In this review, information regarding sex differences of manganese exposure from both cohort studies and cross-sectional studies were inconsistent. Perhaps there was a trend showing that girls were more susceptible to manganese exposure than boys. While almost all studies found no significant sex differences for Mn in biomarkers and drinking water, except for four studies without the relevant details available [34, 39, 54, 67]. Given that most studies were not specifically designed to evaluate sex-interactions, therefore, low statistical power may in part explain some of the inconsistency between studies.

Recently a study of single nucleotide polymorphisms in Mn transporter genes SLC30A10 and SLC39A8 also found a sex difference between Mn concentrations and genotypes [101]. The mechanisms behind potential sex differences in Mn toxicity are complicated, possibly due to sex difference in the developing brain [102], possibly related to biological differences in neurochemistry and hormone activity [103]. In addition, data from animal studies had shown that Mn exposure caused sex-dependent neuronal morphological change, and this change was not due to differential Mn accumulation between sexes but due to differences in sensitivity to Mn exposure [104]. All these differences may contribute to sex dimorphism in the associations between Mn exposure and neurodevelopment.

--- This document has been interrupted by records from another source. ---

(* Let $t_j^i=\binom{i}{j}$ for $0\le j\le i$ (Pascal's triangle), and let $b_n=\sum_{i=0}^{n}\sum_{j=0}^{i}\binom{n}{j,\,n-i,\,i-j}t_j^i$ be its tetrahedron coefficient transform. Then for all $n\ge 0$, $$b_n=\sum_{\ell=0}^{n}\binom{n}{\ell}\binom{2\ell}{\ell},$$ i.e., $(b_n)$ is the binomial transform of the central binomial coefficients.
   Context: For non-negative integers $p,q,r$ with $p+q+r=n$, $\binom{n}{p,q,r}=\frac{n!}{p!\,q!\,r!}$ denotes the tetrahedron trinomial coefficient. The binomial transform of a sequence $(a_\ell)$ is the sequence $\sum_{\ell=0}^n\binom{n}{\ell}a_\ell$. *)

From mathcomp Require Import all_boot.
Set Implicit Arguments. Unset Strict Implicit. Unset Printing Implicit Defensive.

Definition trinom (n p q r : nat) : nat := n`! %/ (p`! * q`! * r`!).

Definition pascal (i j : nat) : nat := 'C(i, j).

Definition tetra_transform (t : nat -> nat -> nat) (n : nat) : nat :=
  \sum_(0 <= i < n.+1) \sum_(0 <= j < i.+1) trinom n j (n - i) (i - j) * t i j.

From mathcomp Require Import all_boot.

(* The trinomial coefficient n!/(j! (n-i)! (i-j)!) factors as C(n,i) C(i,j),
   so the transform of any triangle t is the binomial transform of the row
   sums \sum_j C(i,j) t_j^i; for Pascal's triangle these row sums are
   \sum_j C(i,j)^2 = C(2i,i) by Vandermonde's identity. *)

Lemma trinom_bin n i j : j <= i <= n ->
  trinom n j (n - i) (i - j) = 'C(n, i) * 'C(i, j).
Proof.
case/andP=> le_ji le_in; rewrite /trinom.
have fact_nE : n`! = 'C(n, i) * 'C(i, j) * (j`! * (n - i)`! * (i - j)`!).
  rewrite -(bin_fact le_in) -(bin_fact le_ji).
  by rewrite -!mulnA; do 3 congr (_ * _); rewrite mulnC.
by rewrite fact_nE mulnK // !muln_gt0 !fact_gt0.
Qed.

Lemma tetra_transformE (t : nat -> nat -> nat) n :
  tetra_transform t n =
  \sum_(0 <= i < n.+1) 'C(n, i) * \sum_(0 <= j < i.+1) 'C(i, j) * t i j.
Proof.
rewrite /tetra_transform !big_nat; apply: eq_bigr => i /andP[_ lt_in].
rewrite big_distrr /= !big_nat; apply: eq_bigr => j /andP[_ lt_ji].
by rewrite trinom_bin ?mulnA // -ltnS lt_ji.
Qed.

Lemma sum_bin_sqr i : \sum_(0 <= j < i.+1) 'C(i, j) * 'C(i, j) = 'C(2 * i, i).
Proof.
rewrite mul2n -addnn -Vandermonde big_mkord.
by apply: eq_bigr => j _; rewrite bin_sub // -ltnS.
Qed.

Theorem theorem10 (n : nat) :
  tetra_transform pascal n = \sum_(0 <= l < n.+1) 'C(n, l) * 'C(2 * l, l).
Proof.
rewrite tetra_transformE; apply: eq_bigr => i _.
by rewrite sum_bin_sqr.
Qed.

Our study incorporated the following limitations that warrant discussion. Firstly, most studies in this review are cross-sectional studies, so that no causal relationship can be inferred. In addition, a consistent biomarker for infants was not identified, perhaps teeth is the most promising biosample in this case, while being less easy to obtain than hair. Limitations in our data precluded us from identifying the safe range of manganese exposure and the periods of critical vulnerability of environmental manganese exposures. Finally, limited number of studies could be analyzed due to the relative homogeneity, however, we do not believe that this affected our analysis, given the stability of our sensitivity analysis.

Overall, to the best of our knowledge, this is the only comprehensive systemic review and meta-analysis regarding the biomarkers and sources of manganese exposure and cognitive, behavioral and motor functions in children. Outcomes from cohort studies and cross-sectional studies indicated that higher manganese exposures were negatively associated with neurodevelopment in children. In addition, this is the first meta-analysis for correlation between different manganese indicators where our results indicated that H-Mn was more significantly correlated with W-Mn than B-Mn. Therefore, we propose that hair is the most suitable biomarker in future studies.

Conclusions

Higher manganese exposure is negatively associated with childhood neurodevelopment, especially cognitive and motor skills for children under 6 years old and cognitive and behavioral performance for children aged 6–18 years old. In the older group (6–18 years old), hair is the most reliable indicator of manganese exposure. However, evidence demonstrated sex difference upon manganese exposure while a clear pattern is not elucidated. Population based biomonitoring studies with standard cleaning methodologies of hair are warranted in order to set reference ranges of manganese in hair at different ages. Large prospective cohort studies are certainly warranted in order to support these results and identify the underlying biological mechanisms.